The $864.3-million Canadian-focused equity fund has been run by manager Clayton Zacharias since 2007.

It gained 67.7 per cent for the year ended March 31 compared with 42.2 per cent for the S&P/TSX Total Return index. Over three years, it has a compounded annual loss of 7.7 per cent versus a 0.03-per-cent loss for the index.

The manager looks for high-quality growth companies trading cheaply. "We are looking for out-of-favour situations where a company is mispriced by the market for whatever reason."

Mr. Zacharias expects more market volatility given uncertainty about the strength of the economic recovery and the possibility of a correction. "But we are not expecting it to go back to the March, 2009, level."

WHAT DID WE FIND?

Mostly Canadian stocks, but also U.S. and Irish firms. All have had robust gains from their 52-week lows.

Among the domestic stocks, Brookfield Asset Management Inc., which owns mainly commercial real estate and hydroelectric assets, still has potential, Mr. Zacharias said.

It's a high-quality business that generates a lot of cash flow, and has a "great management team," he said "It is big beneficiary of the depressed market that we are in. … A lot of opportunities are going to come in the property market."

As management makes investments to drive returns over the next decade, the stock is still "significantly undervalued," he added.

Onex Corp. is also in a great position to take advantage of distressed asset prices because it oversees $5-billon of capital for acquisitions, he said.

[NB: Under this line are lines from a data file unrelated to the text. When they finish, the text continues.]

Lemma inner_lincomb_l n m v x G :
  inner n (lincomb m x G) v = sumC m (fun k => Cmul (Cconj (x k)) (inner n (G k) v)).
Proof.
  rewrite <- inner_conj, inner_lincomb_r, Cconj_sumC. apply sumC_ext; intros.
  rewrite <- (inner_conj n v (G i)). Csolve.
Qed.

Module OnbColumns.
Import ssreflect ssrfun ssrbool eqtype ssrnat choice fintype bigop ssralg matrix boolp.
Import GRing.Theory.
Local Open Scope ring_scope.

HB.instance Definition _ := gen_eqMixin Cpx.
HB.instance Definition _ := gen_choiceMixin Cpx.

Definition Copp (x : Cpx) : Cpx := mkC (- Re x) (- Im x).

Lemma CaddA : associative Cadd.  Proof. move=> x y z; apply: Cpx_ext => /=; ring. Qed.
Lemma CaddC : commutative Cadd.  Proof. move=> x y; apply: Cpx_ext => /=; ring. Qed.
Lemma Cadd0 : left_id C0 Cadd.  Proof. move=> x; apply: Cpx_ext => /=; ring. Qed.
Lemma CaddN : left_inverse C0 Copp Cadd.  Proof. move=> x; apply: Cpx_ext => /=; ring. Qed.
HB.instance Definition _ := GRing.isZmodule.Build Cpx CaddA CaddC Cadd0 CaddN.

Lemma CmulA : associative Cmul.  Proof. move=> x y z; apply: Cpx_ext => /=; ring. Qed.
Lemma CmulC : commutative Cmul.  Proof. move=> x y; apply: Cpx_ext => /=; ring. Qed.
Lemma Cmul1 : left_id (RtoC 1) Cmul.  Proof. move=> x; apply: Cpx_ext => /=; ring. Qed.
Lemma CmulDl : left_distributive Cmul Cadd.  Proof. move=> x y z; apply: Cpx_ext => /=; ring. Qed.
Lemma C1_neq0 : RtoC 1 != C0.
Proof. apply/eqP => h. have : Re (RtoC 1) = Re C0 by rewrite h. rewrite /=; lra. Qed.
HB.instance Definition _ :=
  GRing.Zmodule_isComNzRing.Build Cpx CmulA CmulC Cmul1 CmulDl C1_neq0.

Lemma sumC_big n f : sumC n f = \sum_(i < n) f i.
Proof. elim: n => [|n IH]; first by rewrite big_ord0. by rewrite big_ord_recr /= IH. Qed.

Lemma kron_ord d (k l : 'I_d) : (if Nat.eqb k l then RtoC 1 else C0) = (k == l)%:R.
Proof.
  case: (Nat.eqb_spec k l) => h.
  - by rewrite (_ : k = l) ?eqxx //; apply: val_inj.
  - by case: eqP => // e; case: h; rewrite e.
Qed.

(* A square matrix with orthonormal rows is unitary, so its columns are orthonormal too. *)
Lemma onb_columns d (c : nat -> vec) : orthonormal_basis d c ->
  forall i j, (i < d)%coq_nat -> (j < d)%coq_nat ->
  sumC d (fun k => Cmul (c k i) (Cconj (c k j))) = if Nat.eqb i j then RtoC 1 else C0.
Proof.
  move=> Hc i j /ltP hi /ltP hj.
  pose A : 'M[Cpx]_d := \matrix_(k, i) Cconj (c k i).
  pose B : 'M[Cpx]_d := \matrix_(i, k) c k i.
  have AB : A *m B = 1%:M.
    apply/matrixP => k l; rewrite !mxE -kron_ord.
    rewrite -(Hc k l (elimT ltP (ltn_ord k)) (elimT ltP (ltn_ord l))) /inner sumC_big.
    by apply: eq_bigr => a _; rewrite !mxE.
  have := congr1 (fun M : 'M[Cpx]_d => M (Ordinal hi) (Ordinal hj)) (mulmx1C AB).
  rewrite !mxE -(kron_ord _ (Ordinal hi) (Ordinal hj)) /= => <-.
  by rewrite sumC_big; apply: eq_bigr => k _; rewrite !mxE.
Qed.

End OnbColumns.

Lemma onb_expansion d e v i : orthonormal_basis d e -> (i < d)%nat ->
  v i = sumC d (fun k => Cmul (inner d (e k) v) (e k i)).
Proof.
  intros He Hi. unfold inner.
  rewrite (sumC_ext d _ (fun k => sumC d (fun j => Cmul (v j) (Cmul (e k i) (Cconj (e k j)))))).
  2:{ intros k _. rewrite sumC_mulr. apply sumC_ext; intros; Csolve. }
  rewrite sumC_swap, <- (sumC_kron d i v Hi). apply sumC_ext; intros j Hj.
  now rewrite <- sumC_mull, OnbColumns.onb_columns.
Qed.

Lemma parseval d c w : orthonormal_basis d c ->
  norm2 d w = sumR d (fun k => Cnorm2 (inner d (c k) w)).
Proof.
  intros Hc. rewrite norm2_inner.
  rewrite (inner_ext_r d w w (lincomb d (fun k => inner d (c k) w) c))
    by (intros; now apply onb_expansion).
  rewrite inner_lincomb_r, Re_sumC. apply sumR_ext; intros k _.
  rewrite <- (inner_conj d (c k) w). unfold Cnorm2; simpl; ring.
Qed.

The stock of the private equity firm got crushed in 2008-09 because it got lumped in with peers that did "stupid deals in the leveraged buyout craze in 2005-07" by paying and borrowing too much before the financial crisis hit, he said.

But Onex was actually a lot more disciplined than the big funds were, he said. "They paid a lower valuation, and used less leverage, so that allowed their [portfolio]companies to withstand the downturn."

Shares of Newalta Corp., a waste oil recycler and industrial waste manager, were hit hard by falling oil prices and a drop in oil and gas drilling activity in Western Canada in 2008, he said. The market also became concerned about its balance sheet, but that has been rectified, he added.

Still, there is a lot of upside in the business because they are big barriers to entry into its niche, he said. Newalta operates an extensive network of treatment facilities across Canada, but it would difficult and costly for rivals to build similar facilities today, he added.

Newalta has a strong management team as well as interesting growth opportunities like processing slop oil, he said. "[The stock is]still very cheap on price-to-earnings and cash flow."